Although the generic drug approval process has a long-term successful track record, concerns remain regarding approval of narrow therapeutic index generic immunosuppressants, such as tacrolimus, in transplant recipients. Post-marketing surveillance studies are recommended to obtain additional safety data.15
Our center has used the brand-name tacrolimus since 2000 and generic tacrolimus since 2007. Therefore, follow-up duration was significantly different between the two groups. Patients who underwent adult DDLT between 2000 and 2007 are all in the brand-name tacrolimus group. The brand-name tacrolimus group may have a higher rejection rate because there was less experience with immunosuppressive medication after liver transplantation in the early 2000s.
We already reported using the data from the Korean National Health Insurance System that recipient age is an important factor for in-hospital mortality after DDLT.16 A single-center study showed that patients aged ≥70 years should not be excluded from LT or even LDLT based solely on recipient age. This implies that careful selection of recipients and donors and meticulous surgical technique are necessary for successful results.17 However, our study again shows that elderly patients have increased mortality after liver transplantation.
Our study had several limitations. First, this study was retrospective; therefore, unknown or unmeasured confounding variables are possible. However, the present study provides outcomes over a relatively long follow-up period. Second, no cost saving effect was analyzed because there were no available data. Third, there were several significant differences between the two groups, including etiology for DDLT, hepatorenal syndrome, MELD score, and observation period. Lastly, our study included a small number of DDLT cases. Western countries have many DDLT cases, where the deceased donation rate is higher than in our country and in Eastern Asia. We cannot know the appropriate sample size necessary to draw a conclusion, but we think that our data sufficiently support our conclusion.

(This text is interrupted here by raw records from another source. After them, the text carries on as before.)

Lemma right_deriv_local_lipschitz c t T L : right_deriv c t T L ->
  exists d, d > 0 /\
    forall s, t < s < t + d -> s < T -> Rabs (c s - c t) <= (Rabs L + 1) * (s - t).
Proof.
  intros H. destruct (H 1 ltac:(lra)) as [d [Hd Hq]].
  exists d; split; [exact Hd|]. intros s Hs HsT.
  specialize (Hq s ltac:(lra) ltac:(lra) HsT).
  replace (c s - c t) with ((c s - c t) / (s - t) * (s - t)) by (field; lra).
  rewrite Rabs_mult, (Rabs_right (s - t)) by lra.
  apply Rmult_le_compat_r; [lra|].
  pose proof (Rabs_triang ((c s - c t) / (s - t) - L) L).
  replace ((c s - c t) / (s - t) - L + L) with ((c s - c t) / (s - t)) in * by ring.
  lra.
Qed.

Lemma right_deriv_comp F c t T l L : derivable_pt_lim F (c t) l ->
  right_deriv c t T L -> right_deriv (fun s => F (c s)) t T (l * L).
Proof.
  intros HF Hc eps Heps.
  set (M := Rabs L + 1). assert (HM : M > 0) by (unfold M; pose proof (Rabs_pos L); lra).
  set (N := Rabs l + 1). assert (HN : N > 0) by (unfold N; pose proof (Rabs_pos l); lra).
  destruct (right_deriv_local_lipschitz c t T L Hc) as [d0 [Hd0 Hlip]].
  destruct (derivable_pt_lim_linear_bound F (c t) l HF (eps / (2 * M)))
    as [d [Hd HFb]]; [apply Rdiv_lt_0_compat; lra|].
  destruct (Hc (eps / (2 * N))) as [d1 [Hd1 Hq]]; [apply Rdiv_lt_0_compat; lra|].
  assert (Hdm : Rmin d0 (Rmin d1 (d / M)) > 0)
    by (repeat apply Rmin_pos; try apply Rdiv_lt_0_compat; lra).
  exists (Rmin d0 (Rmin d1 (d / M))). split; [exact Hdm|]. intros s Hts Hsd HsT.
  pose proof (Rmin_l d0 (Rmin d1 (d / M))). pose proof (Rmin_r d0 (Rmin d1 (d / M))).
  pose proof (Rmin_l d1 (d / M)). pose proof (Rmin_r d1 (d / M)).
  specialize (Hlip s ltac:(lra) HsT). fold M in Hlip. specialize (Hq s Hts ltac:(lra) HsT).
  assert (Hnear : Rabs (c s - c t) < d).
  { apply Rle_lt_trans with (M * (s - t)); [exact Hlip|].
    replace d with (M * (d / M)) by (field; lra). apply Rmult_lt_compat_l; lra. }
  assert (HD : Rabs (F (c s) - F (c t) - l * (c s - c t)) <= eps / 2 * (s - t)).
  { eapply Rle_trans; [apply (HFb (c s) Hnear)|].
    replace (eps / 2 * (s - t)) with (eps / (2 * M) * (M * (s - t))) by (field; lra).
    apply Rmult_le_compat_l; [apply Rlt_le, Rdiv_lt_0_compat|]; lra. }
  assert (Hl : Rabs (l * ((c s - c t) / (s - t) - L)) < eps / 2).
  { rewrite Rabs_mult. apply Rle_lt_trans with (Rabs l * (eps / (2 * N))).
    - apply Rmult_le_compat_l; [apply Rabs_pos|lra].
    - replace (eps / 2) with (N * (eps / (2 * N))) by (field; lra).
      apply Rmult_lt_compat_r; [apply Rdiv_lt_0_compat|unfold N]; lra. }
  replace ((F (c s) - F (c t)) / (s - t) - l * L)
    with ((F (c s) - F (c t) - l * (c s - c t)) / (s - t)
          + l * ((c s - c t) / (s - t) - L)) by (field; lra).
  eapply Rle_lt_trans; [apply Rabs_triang|].
  enough (Rabs ((F (c s) - F (c t) - l * (c s - c t)) / (s - t)) <= eps / 2) by lra.
  unfold Rdiv. rewrite Rabs_mult, Rabs_inv, (Rabs_right (s - t)) by lra.
  apply (Rmult_le_reg_r (s - t)); [lra|].
  rewrite Rmult_assoc, Rinv_l, Rmult_1_r by lra. exact HD.
Qed.

Lemma real_induction (P : R -> Prop) a b : a < b -> P a ->
  (forall t, a <= t < b -> P t ->
     exists d, d > 0 /\ forall s, t <= s < t + d -> s < b -> P s) ->
  (forall t, a < t < b -> (forall s, a <= s < t -> P s) -> P t) ->
  forall t, a <= t < b -> P t.
Proof.
  intros Hab Pa Hstep Hclosed t0 Ht0. apply NNPP; intro Hn.
  set (E := fun u => a <= u <= t0 /\ forall s, a <= s <= u -> P s).
  assert (Ea : E a).
  { split; [lra|]. intros s Hs. replace s with a by lra. exact Pa. }
  assert (HB : bound E) by (exists t0; intros u [Hu _]; lra).
  destruct (completeness E HB (ex_intro _ a Ea)) as [m [Hub Hlub]].
  assert (Ham : a <= m) by (apply Hub; exact Ea).
  assert (Hmt : m <= t0) by (apply Hlub; intros u [Hu _]; lra).
  assert (Hbelow : forall s, a <= s < m -> P s).
  { intros s Hs. apply NNPP; intro Hns.
    enough (m <= s) by lra. apply Hlub. intros u [Hu Pu].
    destruct (Rle_dec u s) as [|Hus]; [lra|]. exfalso; apply Hns, Pu; lra. }
  assert (Pm : P m).
  { destruct (Req_dec m a) as [->|Hma]; [exact Pa|]. apply Hclosed; [lra|exact Hbelow]. }
  destruct (Hstep m ltac:(lra) Pm) as [d [Hd Hd']].
  destruct (Rlt_dec t0 (m + d)) as [Hlt|Hge].
  - apply Hn, Hd'; lra.
  - assert (E (m + d / 2)).
    { split; [lra|]. intros s Hs. destruct (Rlt_dec s m); [apply Hbelow; lra|].
      apply Hd'; lra. }
    enough (m + d / 2 <= m) by lra. apply Hub; assumption.
Qed.

Section ZeroRightDerivative.
Variables (psi : R -> R) (a b : R).
Hypothesis Hab : a < b.
Hypothesis Hderiv : forall s, a <= s < b -> right_deriv psi s b 0.
Hypothesis Hleft : forall s, a < s < b -> forall eps, eps > 0 -> exists d, d > 0 /\
  forall u, a <= u < s -> s - u < d -> Rabs (psi u - psi s) < eps.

In conclusion, generic tacrolimus is an alternative comparable to brand-name tacrolimus after adult DDLT. However, the results of the present study cannot be generalized to other generic formulations of tacrolimus.
All authors contributed to data analysis, drafting and revising the article, gave final approval of the version to be published, and agree to be accountable for all aspects of the work.
The authors report no conflicts of interest in this work.